Prior to founding Aqua-Spark last year, Novogratz was the director of the TED Prize, an award given to an individual who demonstrates extraordinary global vision. Velings, meanwhile, is a serial entrepreneur and investor. He started Connexie, a payroll service in the Netherlands, and A-Spark Good Ventures, a company that invests in entrepreneurs around the world.
Novogratz and Velings met on a boat trip in the Galapagos inspired by TED Prize winner Sylvia Earle, a life-long oceanographer and explorer. Earle won the TED prize in 2009 and then took 100 people on the Galapagos voyage in 2010. There, Novogratz and Velings determined that they would make preservation of the oceans their passion. They also fell in love and ended up getting married.

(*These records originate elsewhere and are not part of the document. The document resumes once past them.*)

(* A probability measure on the countable set Omega_n, given as a
   countable family of atoms a k in Omega_n with weights p k >= 0 summing to 1. *)
Definition is_prob_measure (n : nat) (p : nat -> R) (a : nat -> list nat) : Prop :=
  (forall k, 0 <= p k) /\ (forall k, in_Omega n (a k)) /\ infinite_sum p 1.

Definition prob_eta (n : nat) (p : nat -> R) (a : nat -> list nat) (A : R -> Prop) : R :=
  series_val (fun k => p k * (if excluded_middle_informative (A (eta n (a k))) then 1 else 0)).

Definition Fexp (q t : R) (n : nat) (p : nat -> R) (a : nat -> list nat) (x : R) : R :=
  series_val (fun k => p k * phi q t n (a k) x).

(* lim_{n -> oo} sup_{x in R} g n x = 0, unfolded:
   eventually the sup is within eps of 0 (upper bound eps, some value >= -eps). *)
Definition sup_tends_to_zero (g : nat -> R -> R) : Prop :=
  forall eps, 0 < eps -> exists N, forall n, (N <= n)%nat ->
    (forall x, g n x <= eps) /\ (exists x, - eps <= g n x).

Definition rv_spreads (p : nat -> nat -> R) (a : nat -> nat -> list nat) : Prop :=
  sup_tends_to_zero
    (fun n x => prob_eta n (p n) (a n) (fun e => x < e <= x + 1)).

Definition fun_spreads (F : nat -> R -> R) : Prop :=
  sup_tends_to_zero (fun n x => F n (x + 1) - F n x).

(* asymptotic equivalence (sequences indexed by n >= 1; index 0 is irrelevant
   for limits) *)
Definition asymp_equiv (p : nat -> nat -> R) (a : nat -> nat -> list nat)
  (F : nat -> R -> R) : Prop :=
  (rv_spreads p a <-> fun_spreads F) /\
  (rv_spreads p a -> fun_spreads F ->
     sup_tends_to_zero (fun n x => prob_eta n (p n) (a n) (fun e => e <= x) - F n x)).

(* Write m = n - ell(lambda) ([zero_parts n lam]), so that eta_n(lambda) = -m.  The
   factors of phi_{n,x}(lambda) with j < m equal 1; the others are (1 + a T) / (1 + T) with
   a = q^{lambda_{n-j}} in [0, q] and T = t^{j+x}, hence lie between exp(-T) and 1, and are
   at most (1 + q) / 2 when T >= 1.  So phi_{n,x} is close to 1 when m + x is large (the
   remaining T's form a geometric tail) and close to 0 when m + x is very negative (many
   factors are at most (1 + q) / 2).  When -1 <= m + x <= 0, the m-th factor increases by at
   least (1 - q)(1 - t)/4 from x to x + 1, while the product of the other factors stays
   above exp(-1/(1 - t)).

   Away from x,
   phi_{n,x} is within eps of 0 or 1, so both phi_{n,x+1} and the indicator of {eta_n <= x}
   are at most phi_{n,x} + eps plus the indicators of finitely many windows of length 1
   around x; taking expectations bounds F_n(x+1) - F_n(x) and Prob{eta_n <= x} - F_n(x) by
   eps plus a multiple of sup_y Prob{y < eta_n <= y + 1}.  Conversely, condition (4) gives
   c Prob{x < eta_n <= x + 1} <= F_n(x+1) - F_n(x). *)

From Stdlib Require Import Reals List Lra Lia Arith ClassicalEpsilon.
Open Scope R_scope.

Lemma Un_cv_const (c : R) : Un_cv (fun _ => c) c.
Proof. intros eps Heps. exists 0%nat. intros. unfold Rdist. rewrite Rminus_diag, Rabs_R0. lra. Qed.

Lemma Rle_cv_lim_eventually (u v : nat -> R) (l l' : R) (N0 : nat) :
  (forall n, (N0 <= n)%nat -> u n <= v n) -> Un_cv u l -> Un_cv v l' -> l <= l'.
Proof.
  intros Huv Hu Hv.
  apply (@Rle_cv_lim (fun n => u (n + N0)%nat) (fun n => v (n + N0)%nat));
    [intro n; apply Huv; lia | apply CV_shift' | apply CV_shift']; assumption.
Qed.

Lemma lim_seq_unique (u : nat -> R) (l : R) : Un_cv u l -> lim_seq u = l.
Proof.
  intros Hu. apply (UL_sequence u); [|exact Hu].
  apply (epsilon_spec (inhabits 0) (fun l => Un_cv u l)). now exists l.
Qed.
Lemma shift_inS e (d : R) : in_Ecirc I x e -> 0 < d -> below_eps I x d ->
  inS I (shift x (VT I x e) d).
Proof.
move=> eE d_gt0 epsd i.
apply: (ole_tmaxv (M := amax i + if side e (vw n p i) then d else 0)).
  move=> j c amij; have [b aij cb] := Aent_ge_Am amij.
  apply: (le_trans _ (shift_entry_le (u := vw n p i) (ltW d_gt0) (epsd.1 i) (aij) _)).
    by rewrite lerD2r.
  by move=> tight sj; case/orP: (tight_Aent_edge aij tight) => f_in;
    apply: side_uw_end f_in sj.
case: ifP => [si|_].
  have [j j_in je] := exists_other_in_edge3 i eE.
  have [c apij tight] := (in_edge3P i j).1 j_in.
  by exists j, c => //; rewrite shiftE -(side_edge j_in je) /= si tight addrA.
have [j j_in] := exists_in_edge3 i; have [c apij tight] := (in_edge3P i j).1 j_in.
by exists j, c => //; rewrite shiftE tight; case: ifP => _; lra.
Qed.

Lemma descent_of_flow_lt0 e : in_Ecirc I x e -> edge_flow e < 0 ->
  feasible_descent I x (VT I x e).
Proof.
move=> eE flow_lt0 d d_gt0 epsd; split; first exact: shift_inS.
have := fobj_shift_le e d_gt0 epsd.
have : d * edge_flow e < 0 by rewrite pmulr_rlt0.
lra.
Qed.

(** * Local optimality when all flows on E°(x) are nonnegative *)

Section NearPoint.
Variables (y : 'I_n -> R) (d0 : R).
Hypotheses (yS : inS I y) (y_near : forall j, `|x j - y j| < d0).
Hypothesis gap2 : below_eps I x (d0 + d0).
Definition Ubase (Q : seq (E -> Omega -> R)) (eps lam : R) : set E :=
  [set x | ((1 - lam)%:E < P [set w | (normQ Q x w < eps)%R])%E].

Definition is_Ubase (U : set E) : Prop :=
  exists Q eps lam, [/\ Q != [::], (forall nrm, nrm \in Q -> Pf nrm),
      0 < eps & 0 < lam < 1] /\ U = Ubase Q eps lam.

(* open sets of the (eps,lambda)-topology (a linear topology with local
   base Ubase at theta) *)
Definition el_open (O : set E) : Prop :=
  forall x, O x -> exists U, is_Ubase U /\
    (forall y, U (add y (opp x)) -> O y).

Definition el_closed (C : set E) : Prop := el_open (~` C).

Definition rel_closed (G F : set E) : Prop :=
  exists C, el_closed C /\ F = C `&` G.

Definition L0convex (G : set E) : Prop :=
  forall x y, G x -> G y -> forall xi : Omega -> R, measurable_fun setT xi ->
    {ae P, forall w, 0 <= xi w <= 1} ->
    G (add (smul (cst_C xi) x) (smul (cst_C (fun w => 1 - xi w)) y)).

Definition L0convexly_compact (G : set E) : Prop :=
  L0convex G /\
  forall (Fam : set (set E)),
    (forall F, Fam F -> [/\ F `<=` G, L0convex F & rel_closed G F]) ->
    (forall s : seq (set E), (forall F, F \in s -> Fam F) ->
        exists x, forall F, F \in s -> F x) ->
    exists x, G x /\ forall F, Fam F -> F x.

Definition countable_concatenation (G : set E) : Prop :=
  forall (g : nat -> E), (forall n, G (g n)) ->
  forall (A : nat -> set Omega), (forall n, measurable (A n)) ->
    trivIset setT A -> \bigcup_n A n = setT ->
    exists g0, G g0 /\
      forall n, smul (cst_C \1_(A n)) g0 = smul (cst_C \1_(A n)) (g n).

End Topology.
End L0.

Aqua-Spark had raised $5 million in seed funding as of early February, but the goal is to raise at least 15 million euro to get started. In the next 10 years, Velings says he wants Aqua-Spark to be a 200 to 300 million euro fund (about $270 million to $410 million).
Unlike a venture capital company, Aqua-Spark does not expect to cash out of the investment. So, while a VC will invest in a startup and then look for a return on that investment either by the entrepreneur selling the company or going public, Aqua-Spark does not look for entrepreneurs to cash out quickly.
That’s because aquaculture is a long-term cash-intensive business. Building fish farms is expensive. And the infrastructure required to build recirculating aquaculture systems, which are completely closed systems and entirely self-sustaining, is particularly expensive. Initial investments in aquaculture businesses will run from 250,000 euros to 5 million euros (about $340,000 to $7 million), depending on the idea.
Rather than looking for a quick cash-out, Aqua-Spark will make money through dividend returns. And because of the steady nature of the industry, the company expects to make revenues from dividends of 12 percent per year after the first five to seven years. Returns of 12 percent or higher are pretty impressive, and that’s exactly part of Aqua-Spark’s pitch to investors.
“This is one of the few places you can make an old-fashioned, handsome return combined with social and environmental good. You can feel good about it but you can also -- it is a very solid investment,” says Velings.